──────── SOURCE MATERIAL

(* For every positive integer $m$, $d(m)=|N/P_{J(m)}|$, where $N$ is the multiplicative semigroup of all positive integers, $J(m)=mN$ is the ideal of $N$ generated by $m$, and $P_{J(m)}$ is the principal congruence on $N$ defined by $J(m)$.
   Context: $d(m)$ is the number of positive divisors of $m$. For a semigroup $S$, $H\subseteq S$, $a\in S$: $H\dots a=\{(x,y)\in S\times S: xay\in H\}$ and $P_H=\{(a,b)\in S\times S: H\dots a=H\dots b\}$. *)

From mathcomp Require Import all_boot.

Definition d (m : nat) : nat := size (divisors m).

(* The semigroup N = positive integers under multiplication; subsets of N
   are predicates on nat (only their values on positive integers matter). *)

Definition J (m : nat) : nat -> Prop := fun h => exists k, 0 < k /\ h = m * k.

Definition resid (H : nat -> Prop) (a : nat) : nat -> nat -> Prop :=
  fun x y => 0 < x /\ 0 < y /\ H (x * a * y).

Definition PH (H : nat -> Prop) (a b : nat) : Prop :=
  0 < a /\ 0 < b /\ (forall x y, resid H a x y <-> resid H b x y).

Definition cls (H : nat -> Prop) (a : nat) : nat -> Prop := fun b => PH H a b.

Definition quot_card (H : nat -> Prop) (n : nat) : Prop :=
  exists f : 'I_n -> (nat -> Prop),
    injective f /\
    (forall i, exists a, 0 < a /\ f i = cls H a) /\
    (forall a, 0 < a -> exists i, f i = cls H a).

(* Modulo the ideal mN, the context (x, y) accepts a exactly when
   m / gcd(a, m) divides xy, and the divisor m / gcd(a, m) is recovered from
   the context (m / gcd(a, m), 1). Hence a and b are P_{mN}-equivalent iff
   gcd(a, m) = gcd(b, m), and the classes correspond to the divisors of m. *)

From Stdlib Require Import FunctionalExtensionality PropExtensionality.
From mathcomp Require Import all_boot.

Lemma dvdn_mul_divn_gcd m a n : 0 < m -> (m %| a * n) = (m %/ gcdn a m %| n).
Proof.
move=> m_gt0; set g := gcdn a m.
have g_gt0 : 0 < g by rewrite gcdn_gt0 m_gt0 orbT.
have Em : m = m %/ g * g by rewrite divnK // dvdn_gcdr.
have Ea : a = a %/ g * g by rewrite divnK // dvdn_gcdl.
have co : coprime (m %/ g) (a %/ g).
  by rewrite /coprime gcdnC -(eqn_pmul2r g_gt0) mul1n muln_gcdl -Ea -Em.
by rewrite {1}Em {1}Ea mulnAC dvdn_pmul2r // Gauss_dvdr.
Qed.

Lemma J_dvdn m h : 0 < m -> 0 < h -> J m h <-> m %| h.
Proof.
move=> m_gt0 h_gt0; split; first by case=> k [_ ->]; apply: dvdn_mulr.
move=> dvd_mh; exists (h %/ m); split; last by rewrite mulnC divnK.
by rewrite divn_gt0 // dvdn_leq.
Qed.

Lemma resid_J m a x y : 0 < m -> 0 < a ->
  resid (J m) a x y <-> [/\ 0 < x, 0 < y & m %/ gcdn a m %| x * y].
Proof.
move=> m_gt0 a_gt0; have xay_gt0 x' y' : 0 < x' -> 0 < y' -> 0 < x' * a * y'.
  by move=> x_gt0 y_gt0; rewrite !muln_gt0 x_gt0 a_gt0 y_gt0.
rewrite /resid -dvdn_mul_divn_gcd // mulnCA mulnA.
split=> [[x_gt0 [y_gt0]] | [x_gt0 y_gt0]].
- by move/(J_dvdn _ _ m_gt0 (xay_gt0 _ _ x_gt0 y_gt0)).
- by move/(J_dvdn _ _ m_gt0 (xay_gt0 _ _ x_gt0 y_gt0)).
Qed.

Lemma PH_J m a b : 0 < m -> 0 < a -> 0 < b ->
  PH (J m) a b <-> gcdn a m = gcdn b m.
Proof.
move=> m_gt0 a_gt0 b_gt0.
have q_gt0 c : 0 < m %/ gcdn c m.
  by rewrite divn_gt0 ?gcdn_gt0 ?m_gt0 ?orbT // dvdn_leq // dvdn_gcdr.
split=> [[_ [_ same_resid]] | Egcd]; last first.
  by split=> //; split=> // x y; rewrite !resid_J // Egcd.
have dvd_q c c' : 0 < c -> 0 < c' ->
    (forall x y, resid (J m) c x y -> resid (J m) c' x y) ->
    m %/ gcdn c' m %| m %/ gcdn c m.
  move=> c_gt0 c'_gt0 sub_resid.
  have /sub_resid/resid_J[] // : resid (J m) c (m %/ gcdn c m) 1.
    by apply/resid_J; rewrite ?muln1.
  by rewrite muln1.
have Eq_q : m %/ gcdn a m = m %/ gcdn b m.
  apply/eqP; rewrite eqn_dvd !dvd_q // => x y; apply same_resid.
apply/eqP; rewrite -(eqn_pmul2l (q_gt0 a)) {2}Eq_q !divnK ?dvdn_gcdr //.
Qed.

Section QuotientByInvariant.

Variables (H : nat -> Prop) (f : nat -> nat) (s : seq nat).
Hypothesis PH_f : forall a b, 0 < a -> 0 < b -> PH H a b <-> f a = f b.

Lemma cls_eq a b : 0 < a -> 0 < b -> cls H a = cls H b <-> f a = f b.
Proof.
move=> a_gt0 b_gt0; split=> [Ecls | Ef].
  have : cls H b b by apply/PH_f.
  by rewrite -Ecls => /(PH_f _ _ a_gt0 b_gt0).
apply: functional_extensionality => c; apply: propositional_extensionality.
split=> [Pac | Pbc].
- have [_ [c_gt0 _]] := Pac; apply/(PH_f _ _ b_gt0 c_gt0).
  by rewrite -Ef; apply/PH_f.
- have [_ [c_gt0 _]] := Pbc; apply/(PH_f _ _ a_gt0 c_gt0).
  by rewrite Ef; apply/PH_f.
Qed.

Hypotheses (s_uniq : uniq s) (f_in_s : forall a, 0 < a -> f a \in s).
Hypothesis f_onto_s : forall x, x \in s -> exists2 a, 0 < a & f a = x.

Lemma quot_card_invariant : quot_card H (size s).
Proof.
pose pre x a := (0 < a) && (f a == x).
have pre_ex (i : 'I_(size s)) : exists a, pre (nth 0 s i) a.
  have [a a_gt0 Efa] := f_onto_s _ (mem_nth 0 (ltn_ord i)).
  by exists a; rewrite /pre a_gt0 Efa eqxx.
pose rep i := xchoose (pre_ex i).
have /all_and2[rep_gt0 f_rep] i : 0 < rep i /\ f (rep i) = nth 0 s i.
  by have /andP[? /eqP] := xchooseP (pre_ex i).
exists (fun i => cls H (rep i)); split; last split.
- move=> i j /cls_eq; rewrite !f_rep => /(_ (rep_gt0 i) (rep_gt0 j)) Enth.
  by apply/val_inj/eqP; rewrite -(nth_uniq 0 (ltn_ord i) (ltn_ord j) s_uniq) Enth.
- by move=> i; exists (rep i).
- move=> a a_gt0; have idx_lt : index (f a) s < size s by rewrite index_mem f_in_s.
  exists (Ordinal idx_lt); apply/cls_eq => //.
  by rewrite f_rep nth_index ?f_in_s.
Qed.

End QuotientByInvariant.

Theorem theorem6 (m : nat) : 0 < m -> quot_card (J m) (d m).
Proof.
move=> m_gt0; apply: (@quot_card_invariant _ (gcdn ^~ m)).
- by move=> a b; apply: PH_J.
- exact: divisors_uniq.
- by move=> a _; rewrite -dvdn_divisors // dvdn_gcdr.
- move=> x; rewrite -dvdn_divisors // => dvd_xm.
  by exists x; [apply: dvdn_gt0 dvd_xm | apply/gcdn_idPl].
Qed.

────────────────

§ **DESCRIPTION OF THE TASK**: From the entries above, extract only the lines running from the one containing "by rewrite Ef; apply/PH_f." through the one containing "- move=> a a_gt0;", inclusive.

§ **WRITTEN RESPONSE**:
  by rewrite Ef; apply/PH_f.
Qed.

Hypotheses (s_uniq : uniq s) (f_in_s : forall a, 0 < a -> f a \in s).
Hypothesis f_onto_s : forall x, x \in s -> exists2 a, 0 < a & f a = x.

Lemma quot_card_invariant : quot_card H (size s).
Proof.
pose pre x a := (0 < a) && (f a == x).
have pre_ex (i : 'I_(size s)) : exists a, pre (nth 0 s i) a.
  have [a a_gt0 Efa] := f_onto_s _ (mem_nth 0 (ltn_ord i)).
  by exists a; rewrite /pre a_gt0 Efa eqxx.
pose rep i := xchoose (pre_ex i).
have /all_and2[rep_gt0 f_rep] i : 0 < rep i /\ f (rep i) = nth 0 s i.
  by have /andP[? /eqP] := xchooseP (pre_ex i).
exists (fun i => cls H (rep i)); split; last split.
- move=> i j /cls_eq; rewrite !f_rep => /(_ (rep_gt0 i) (rep_gt0 j)) Enth.
  by apply/val_inj/eqP; rewrite -(nth_uniq 0 (ltn_ord i) (ltn_ord j) s_uniq) Enth.
- by move=> i; exists (rep i).
- move=> a a_gt0; have idx_lt : index (f a) s < size s by rewrite index_mem f_in_s.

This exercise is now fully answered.